Anne, thank you for your kindness and compassion. I hope I didn't mislead anyone. I was at my son's funeral, but the in-laws chose not to mention that Chris had parents or a sister. It added to the pain and made it feel even more surreal.
Anne, thank you for your kindness and compassion. I hope I didn't mislead anyone. I was at my son's funeral, but the in-laws chose not to mention that Chris had parents or a sister. It added to the pain and made it feel even more surreal.
Dear Michelle, I feel so scared for you because you had some special things taken from you. I didn't get to see my little boy, but I held his body in a bag, which was bad enough, but not getting to have any connection doesn't sound good to me. I am so sorry that happened to you. I am also so sad that he's buried so far from you. We are here for you!

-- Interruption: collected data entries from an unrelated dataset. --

(* Let $I\subseteq\mathbb{R}$ be an interval, let $f:I\to\mathbb{R}$ be differentiable on the interior $I^{\circ}$ of $I$, let $a,b\in I^{\circ}$ with $a<b$, assume $f'\in L[a,b]$, and let $\alpha,\lambda\in[0,1]$. Suppose that $|f'|^{q}$ is $s$-convex on $[a,b]$ for some fixed $s\in(0,1]$ and some $q\geq 1$. Define $$I_f(\lambda,\alpha,a,b)=\lambda\big(\alpha f(a)+(1-\alpha)f(b)\big)+(1-\lambda)f(\alpha a+(1-\alpha)b)-\frac{1}{b-a}\int_a^b f(x)\,dx,$$ $$\gamma_1(\alpha,\lambda)=(1-\alpha)\Big[\alpha\lambda-\frac{1-\alpha}{2}\Big],\qquad \gamma_2(\alpha,\lambda)=(\alpha\lambda)^2-\gamma_1(\alpha,\lambda),$$ $$c_1(\alpha,\lambda,s)=(\alpha\lambda)^{s+2}\frac{2}{(s+1)(s+2)}-\alpha\lambda\frac{(1-\alpha)^{s+1}}{s+1}+\frac{(1-\alpha)^{s+2}}{s+2},$$ $$c_2(\alpha,\lambda,s)=(1-\alpha\lambda)^{s+2}\frac{2}{(s+1)(s+2)}-\frac{(1-\alpha\lambda)(1+\alpha^{s+1})}{s+1}+\frac{1+\alpha^{s+2}}{s+2},$$ $$c_3(\alpha,\lambda,s)=\alpha\lambda\frac{(1-\alpha)^{s+1}}{s+1}-\frac{(1-\alpha)^{s+2}}{s+2},\qquad c_4(\alpha,\lambda,s)=\frac{(\alpha\lambda-1)(1-\alpha^{s+1})}{s+1}+\frac{1-\alpha^{s+2}}{s+2}.$$ Then: (i) if $\alpha\lambda\leq 1-\alpha\leq 1-\lambda(1-\alpha)$, $$|I_f(\lambda,\alpha,a,b)|\leq (b-a)\Big[\gamma_2^{1-\frac1q}(\alpha,\lambda)\big(c_1(\alpha,\lambda,s)|f'(b)|^q+c_2(\alpha,\lambda,s)|f'(a)|^q\big)^{\frac1q}+\gamma_2^{1-\frac1q}(1-\alpha,\lambda)\big(c_2(1-\alpha,\lambda,s)|f'(b)|^q+c_1(1-\alpha,\lambda,s)|f'(a)|^q\big)^{\frac1q}\Big];$$ (ii) if $\alpha\lambda\leq 1-\lambda(1-\alpha)\leq 1-\alpha$, $$|I_f(\lambda,\alpha,a,b)|\leq (b-a)\Big[\gamma_2^{1-\frac1q}(\alpha,\lambda)\big(c_1(\alpha,\lambda,s)|f'(b)|^q+c_2(\alpha,\lambda,s)|f'(a)|^q\big)^{\frac1q}+\gamma_1^{1-\frac1q}(1-\alpha,\lambda)\big(c_4(1-\alpha,\lambda,s)|f'(b)|^q+c_3(1-\alpha,\lambda,s)|f'(a)|^q\big)^{\frac1q}\Big];$$ (iii) if $1-\alpha\leq\alpha\lambda\leq 1-\lambda(1-\alpha)$, $$|I_f(\lambda,\alpha,a,b)|\leq (b-a)\Big[\gamma_1^{1-\frac1q}(\alpha,\lambda)\big(c_3(\alpha,\lambda,s)|f'(b)|^q+c_4(\alpha,\lambda,s)|f'(a)|^q\big)^{\frac1q}+\gamma_2^{1-\frac1q}(1-\alpha,\lambda)\big(c_2(1-\alpha,\lambda,s)|f'(b)|^q+c_1(1-\alpha,\lambda,s)|f'(a)|^q\big)^{\frac1q}\Big].$$
   Context: For a fixed $s\in(0,1]$, a function $g:[a,b]\to[0,\infty)$ is called $s$-convex (in the second sense) on $[a,b]$ if $g(\theta x+(1-\theta)y)\leq \theta^{s}g(x)+(1-\theta)^{s}g(y)$ for all $x,y\in[a,b]$ and all $\theta\in[0,1]$. *)

From HB Require Import structures.
From mathcomp Require Import all_boot all_order all_algebra.
From mathcomp Require Import all_classical all_reals all_analysis.
Set Implicit Arguments. Unset Strict Implicit. Unset Printing Implicit Defensive.
Import Order.TTheory GRing.Theory Num.Theory.
Import numFieldNormedType.Exports.
Local Open Scope classical_set_scope.
Local Open Scope ring_scope.

(* s-convexity in the second sense of a nonnegative function g on [a,b]. *)
Definition s_convex_on {R : realType} (s a b : R) (g : R -> R) : Prop :=
  (forall x, a <= x <= b -> 0 <= g x) /\
  (forall x y th, a <= x <= b -> a <= y <= b -> 0 <= th <= 1 ->
     g (th * x + (1 - th) * y) <= th `^ s * g x + (1 - th) `^ s * g y).

Definition I_f {R : realType} (f : R -> R) (lam al a b : R) : R :=
  lam * (al * f a + (1 - al) * f b) + (1 - lam) * f (al * a + (1 - al) * b)
  - (b - a)^-1 * Rintegral lebesgue_measure `[a, b] f.

Definition gamma1 {R : realType} (al lam : R) : R :=
  (1 - al) * (al * lam - (1 - al) / 2).
Definition gamma2 {R : realType} (al lam : R) : R :=
  (al * lam) ^+ 2 - gamma1 al lam.

Definition c1 {R : realType} (al lam s : R) : R :=
  (al * lam) `^ (s + 2) * (2 / ((s + 1) * (s + 2)))
  - al * lam * ((1 - al) `^ (s + 1) / (s + 1))
  + (1 - al) `^ (s + 2) / (s + 2).
Definition c2 {R : realType} (al lam s : R) : R :=
  (1 - al * lam) `^ (s + 2) * (2 / ((s + 1) * (s + 2)))
  - (1 - al * lam) * (1 + al `^ (s + 1)) / (s + 1)
  + (1 + al `^ (s + 2)) / (s + 2).
Definition c3 {R : realType} (al lam s : R) : R :=
  al * lam * ((1 - al) `^ (s + 1) / (s + 1)) - (1 - al) `^ (s + 2) / (s + 2).
Definition c4 {R : realType} (al lam s : R) : R :=
  (al * lam - 1) * (1 - al `^ (s + 1)) / (s + 1) + (1 - al `^ (s + 2)) / (s + 2).

From HB Require Import structures.
From mathcomp Require Import all_boot all_order all_algebra.
From mathcomp Require Import all_classical all_reals all_analysis.
From mathcomp Require Import ring lra.
Import Order.TTheory GRing.Theory Num.Theory.
Import numFieldNormedType.Exports.
Local Open Scope classical_set_scope.
Local Open Scope ring_scope.
Set Implicit Arguments. Unset Strict Implicit. Unset Printing Implicit Defensive.

(* Put m = al a + (1 - al) b, p = a + al lam (b - a) and r = a + (1 - (1 - al) lam) (b - a).
   Integrating by parts, (b - a) I_f is the sum of the moments \int_a^m (x - p) f'(x) dx and
   \int_m^b (x - r) f'(x) dx, each bounded by the integral of |x - k| |f'(x)|.  By s-convexity,
   |f'(a + v (b - a))|^q <= (1 - v)^s |f'(a)|^q + v^s |f'(b)|^q.  Instead of Hoelder's inequality
   we use, for every M > 0, the tangent line at M of the concave map y |-> y^(1/q): it majorizes
   |f'| by the derivative of an explicit function G_M, so G_M + f and G_M - f are nondecreasing
   and the moments of f are dominated by those of G_M.  These are computed in closed form and
   produce gamma1, gamma2 and c1, ..., c4; minimizing the resulting bound over M gives
   gamma^(1 - 1/q) c^(1/q).  Comparing with G_M by monotonicity needs no integrability of f'. *)

Ltac neq0 := match goal with |- is_true (_ != 0) =>
  first [ rewrite gt_eqF //; lra | rewrite lt_eqF //; lra
        | rewrite gt_eqF //; nra | rewrite lt_eqF //; nra ] end.
Ltac field_nz := field; repeat (apply/andP; split); try neq0; try done.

I feel like I'm incapable of comprehending that my son actually died. I never saw him deceased, his side of the family wasn't involved in or even mentioned at his funeral, and his grave is in a cemetery probably 175 miles from where I live. How can I grieve if I can't feel? I'm going about my life as if this tragedy didn't happen. Only rarely does a tiny bit of reality creep in. Everything is a blur from those first couple of months.

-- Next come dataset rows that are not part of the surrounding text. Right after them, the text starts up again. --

Theorem proposition2 (R : realFieldType) (k : nat) (delta : R) :
  (0 < k)%N -> 0 < delta <= 1 ->
  (forall (n : nat) (A : 'I_n -> R * R), collection A ->
     exists s1 s2 : signal (SA n k delta), is_PNE (SA n k delta) A s1 s2) /\
  (forall n : nat, anonymous (SA n k delta)) /\
  (forall (n : nat) (A : 'I_n -> R * R), collection A ->
     forall s1 s2 : signal (SA n k delta), is_PNE (SA n k delta) A s1 s2 ->
     ~ (exists y : R * R, in_conv A y /\
          (outcome (SA n k delta) A s1 s2).1 + delta + k%:R^-1 < y.1 /\
          (outcome (SA n k delta) A s1 s2).2 + delta + k%:R^-1 < y.2)).
Proof.
move=> k_gt0 /andP[delta_gt0 delta_le1].
have outcomeE n (A : 'I_n -> R * R) L1 L2 : outcome (SA n k delta) A L1 L2 =
    (sa_value delta (kUN_expect (fun j => (A j).1)) L1 L2,
     sa_value delta (kUN_expect (fun j => (A j).2)) L2 L1).
  by rewrite /outcome !SA_alloc_sum [sa_value _ _ L2 L1]sa_valueC.
split; last split.
- move=> n A _.
  have [L1 [L2 [br1 br2]]] := sa_equilibrium_exists (ltW delta_gt0) delta_le1
    (kUN_expect (k := k) (fun j => (A j).1)) (kUN_expect (k := k) (fun j => (A j).2)).
  by exists L1, L2; split=> L; rewrite !outcomeE; [apply: br1 | apply: br2].
- by move=> n L1 L2 j; apply: eq_bigr => mu _; rewrite /SA_select andbC setIC setUC.
move=> n A A01 L1 L2 [ne1 ne2] [_ [[lam [lam_ge0 [lam_sum ->]]]]]; rewrite outcomeE /=.
have [s [t [tau [tau01 le1 le2]]]] :=
  convex_le_segment (fun j => (A j).1) (fun j => (A j).2) lam_ge0 lam_sum.
have [mu mu_near] := kUN_round s t k_gt0 tau01.
have [A1_01 A2_01] : (forall j, 0 <= (A j).1 <= 1) /\ (forall j, 0 <= (A j).2 <= 1).
  by split=> j; case: (A01 j).
move=> [gt1 gt2].
apply: (sa_equilibrium_no_improvement delta_gt0 (L1 := L1) (L2 := L2) (mu := mu)
  (fun mu => kUN_expect_ge0_le1 mu k_gt0 A1_01)
  (fun mu => kUN_expect_ge0_le1 mu k_gt0 A2_01)).
  by split=> L; [have := ne1 L | have := ne2 L]; rewrite !outcomeE.
have := mu_near _ A1_01; have := mu_near _ A2_01; split; lra.
Qed.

Yes, Vasanthi, I totally understand. This is so hard. Life's distractions get me through each day.
Same here Karen, I read and i retreat...was also thinking how people who have not had crushing sorrow at some time or the other in their lives, do not really understand . You do not get over this like one gets over a loss, like loss of house, job, relationship, because one can get over loss but how do you get over Love? Love - the most sacred and beautiful remains.
Trauma and stress can cause illness and body pains that a doctor can not document or find reason for. This is not in our minds but very real for many people, including myself, who experience trauma.
Karen sometimes I feel the same way. I look at my son's picture and then find myself asking, "How the hell did he get on here?" It's just so surreal. But I return because as sad as it can be it let's me know I'm ok. This site lets me know that I'm not alone in what I am experiencing. I also feel those down the road further then myself are preparing me for what is to come. Good or bad. I'm also looking for tools others use to be able to handle it.
I haven't gotten this figured out yet, but I'm trying. Somehow I will honor his life instead of crying over his death. I'm not there yet but I'm fighting and trying.
Hello to all, just wanted everyone to that I've reading your posts but it's been very difficult for me to participate. I'm very grateful for you all and my membership to this group but sometimes I feel overwhelmed that I am a member of such a group as this. My heart is with you all.